Tuesday, March 13, 2012

DAY 230: BRACKETS BRACKETS BRACKETS

      Blank brackets started circulating this past weekend.  I filled mine out yesterday.  It’s March Madness.  This time of year reminds me of my father.  He loved March Madness.
     When I worked at my old law firm he’d help me enter the firm’s pool.  He filled out four brackets one year.  I photocopied, scanned and then emailed each bracket to the guy running the pool in our Houston office.  Dad had written our last name in his huge, signature, black felt tip pen, capital letters with a dash and the number 1, 2, 3 or 4 after.  I’m sure every one made fun of me and how many entries I submitted.  But those laughs didn’t last long.  Dad’s brackets had some good picks; we were in the running for first place.  Then things crashed and burned.  But I remember we won some money the first year Dad helped me (it might have just been from the Dallas office’s pool, not the entire firm) and got to split a pretty big chunk of change.  That made Dad’s entire March Madness.  And from then on, like clock work, after all the conference finals had been played, he’d keep asking me when would my firm’s bracket be distributed.

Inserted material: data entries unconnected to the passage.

Lemma bool_seq_uncountable : ~ countable [set: nat -> bool].
Proof.
move=> /countable_injP[f f_inj].
pose g n := xget (fun => false) [set t | f t = n].
have gK t : g (f t) = t.
  rewrite /g; case: xgetP => [t' /= ft'|no]; last by case: (no t).
  by apply: f_inj; rewrite ?in_setT.
pose diag n := ~~ g n n.
by have := congr1 (fun t => t (f diag)) (gK diag); rewrite /diag; case: (g _ _).
Qed.

Lemma uncountable_of_inj (T : Type) (A : set T) (h : (nat -> bool) -> T) :
  injective h -> (forall f, A (h f)) -> ~ countable A.
Proof.
move=> h_inj Ah /countable_injP[f f_inj]; apply: bool_seq_uncountable.
apply/countable_injP; exists (f \o h) => t t' _ _ /= eq_ft.
by apply/h_inj/f_inj; rewrite ?inE.
Qed.

Section Coding.
Variables (X : finType) (G : countType) (phi : G -> G) (x0 x1 : X) (th : G).
Hypotheses (x01 : x0 != x1) (th_nqp : ~ quasi_periodic phi th).

Local Notation s := (@gen_shift X G phi).
Local Notation orbit n := (iter n phi th).

Definition bit (b : bool) : X := if b then x1 else x0.

Lemma bit_inj : injective bit.
Proof. by case; case=> // /eqP; rewrite ?(negbTE x01) // eq_sym (negbTE x01). Qed.

Lemma orbit_inj : injective (fun n => orbit n).
Proof.
move=> i j /= eq_ij; case: (ltngtP i j) => // ij; case: th_nqp.
  by apply/quasi_periodicP; exists i, j.
by apply/quasi_periodicP; exists j, i.
Qed.

(* [g] sits at position [i] of the orbit of [th] when [phi^j g = phi^(i + j) th]
   for some [j]; by injectivity of the orbit this position is unique. *)
Definition coding (c : nat -> bool) : gen_shift_space X G :=
  fun g => bit `[< exists i j, iter j phi g = orbit (i + j) /\ c i >].

Lemma coding_meet c g j k : iter j phi g = orbit k ->
  coding c g = bit ((j <= k)%N && c (k - j)).
Proof.
move=> gk; congr bit; case: asboolP => [[i [j' [gi ci]]]|none].
  have : orbit (j' + k) = orbit (j + (i + j')).
    by rewrite iterD -gk -iterD addnC iterD gi -iterD.
  by move/orbit_inj => eq_k; rewrite (_ : k = i + j)%N ?leq_addl ?addnK //; lia.
apply/esym/negbTE/negP => /andP[jk ck]; apply: none.
by exists (k - j)%N, j; rewrite subnK.
Qed.

Lemma coding_orbit c n : coding c (orbit n) = bit (c n).
Proof. by rewrite (@coding_meet _ _ 0 n) ?subn0. Qed.
Lemma dshift0 d p : dshift d 0 p = p.
Proof. by case: d => [i|]; case: p => x t /=; rewrite ?scale0r addr0. Qed.

Lemma dshiftD d u v p : dshift d (u + v) p = dshift d v (dshift d u p).
Proof. by case: d => [i|] /=; rewrite ?scalerDl addrA. Qed.

Lemma dshiftC d1 d2 u v p : dshift d1 u (dshift d2 v p) = dshift d2 v (dshift d1 u p).
Proof. by case: d1 => [i|]; case: d2 => [j|] //=; rewrite addrAC. Qed.

Lemma ball_dshift d p e u : 0 < e -> `|u| < e -> ball p e (dshift d u p).
Proof.
case: p => x t e0 ue; case: d => [i|]; split => /=; try exact: ballxx.
- split => // a b; rewrite /ball /= !mxE opprD addNKr normrN.
  by apply: le_lt_trans ue; case: (_ && _); rewrite ?mulr1 ?mulr0 ?normr0.
- by rewrite /ball /= opprD addNKr normrN.
Qed.

Lemma ball_dshift2 d1 d2 p e u v : 0 < e -> `|u| < e / 2 -> `|v| < e / 2 ->
  ball p e (dshift d1 u (dshift d2 v p)).
Proof.
move=> e0 ue ve; have e20 : 0 < e / 2 by rewrite divr_gt0.
rewrite [e]splitr; apply: ball_triangle (ball_dshift _ _ e20 ve) _.
exact: ball_dshift.
Qed.

Lemma open_dshift2 (S : set (V * R)) p : open S -> S p ->
  exists2 e, 0 < e & forall d1 d2 u v, `|u| < e -> `|v| < e ->
    S (dshift d1 u (dshift d2 v p)).
Proof.
move=> oS Sp; have /nbhs_ballP[e e0 eS] : nbhs p S by exact: open_nbhs_nbhs.
exists (e / 2); first by rewrite divr_gt0.
by move=> d1 d2 u v ue ve; apply: eS; apply: ball_dshift2.
Qed.

Lemma continuous_dshift2 (K : V * R -> R) p : {for p, continuous K} ->
  forall eps, 0 < eps -> exists2 e, 0 < e & forall d1 d2 u v,
    `|u| < e -> `|v| < e -> `|K (dshift d1 u (dshift d2 v p)) - K p| < eps.
Proof.
move=> cK eps eps0.
have := cvgr_dist_lt _ _ cK _ eps0 => /(_ (nbhs_filter p)) /nbhs_ballP[e e0 eK].
exists (e / 2); first by rewrite divr_gt0.
by move=> d1 d2 u v ue ve; rewrite distrC; apply: eK; apply: ball_dshift2.
Qed.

I tried to get Dad to enter one of the CBS Sports online brackets, but he scoffed.  He wanted to fill out his brackets the old school way with a pen.  Then he’d keep a highlighter nearby to keep track of his winning teams.  Most years he’d drive to Dallas the weekend of the Final Four so we could watch it together, his brackets printed out on white computer paper and unevenly folded in his sport coat pocket or the back pocket of his jeans.  We’d go to a neighborhood bar and sit there for hours.  And once we watched an entire Wisconsin game from the bar at a PF Chang’s—we were craving Chinese food.  It was the best time.  Plus, tipsy Dad is super fun and tells even funnier jokes.  He’d never get to drunk Dad status during March Madness, that was reserved for bigger occasions, like my high school graduation.  One of my high school friend’s parents threw her a party at their home in Bernalillo, New Mexico—about 15 minutes outside of Albuquerque.  They had cooler after cooler filled with different kinds of margaritas.  Dad tried every single one until he found the “best.”  My ex-step monster had to drive drunk Dad and me home that night.
It’s surprising how into the gambling aspect of March Madness Dad was considering how he treated it when my sister was in middle school.  He forbade her to enter her school’s March Madness pool because it encouraged gambling and according to him young girls shouldn’t be a part of such things.  Well wouldn’t you know it, my sister filled out her own bracket and entered anyway.  She won.  I can’t remember if it was first place.  Either way she won enough money to go buy a new shirt.  She bought an olive green peasant blouse sprinkled with little cream flowers and a ruffle neck.  Dad saw her wearing it and started fuming.  He knew he hadn’t bought it for her and he knew he hadn’t given her any money to buy new clothes.  And she didn’t have a job.  So he figured it out and proved his own point—that participating in gambling and filling out NCAA brackets leads to dishonesty towards one’s parents.  Dad didn’t ground her, but he was supremely disappointed.  He couldn’t ground her because he loved the basketball too much.  Plus, even though he never told her, he was secretly proud that she’d won the whole pool.  I, on the other hand, only cared about how and when I’d get to wear my sister’s new peasant blouse, I had no idea about college basketball—that was Dad and my sister’s thing.
Maybe I became his basketball watching buddy when we got older since I lived closer to him and he couldn’t just hop in the car to drive to see my sister in Mexico City, San Francisco, Boston or wherever she was living during the month of March.  I don’t really care how I became his March Madness daughter, I’m just glad I got to be her for part of the time before he died.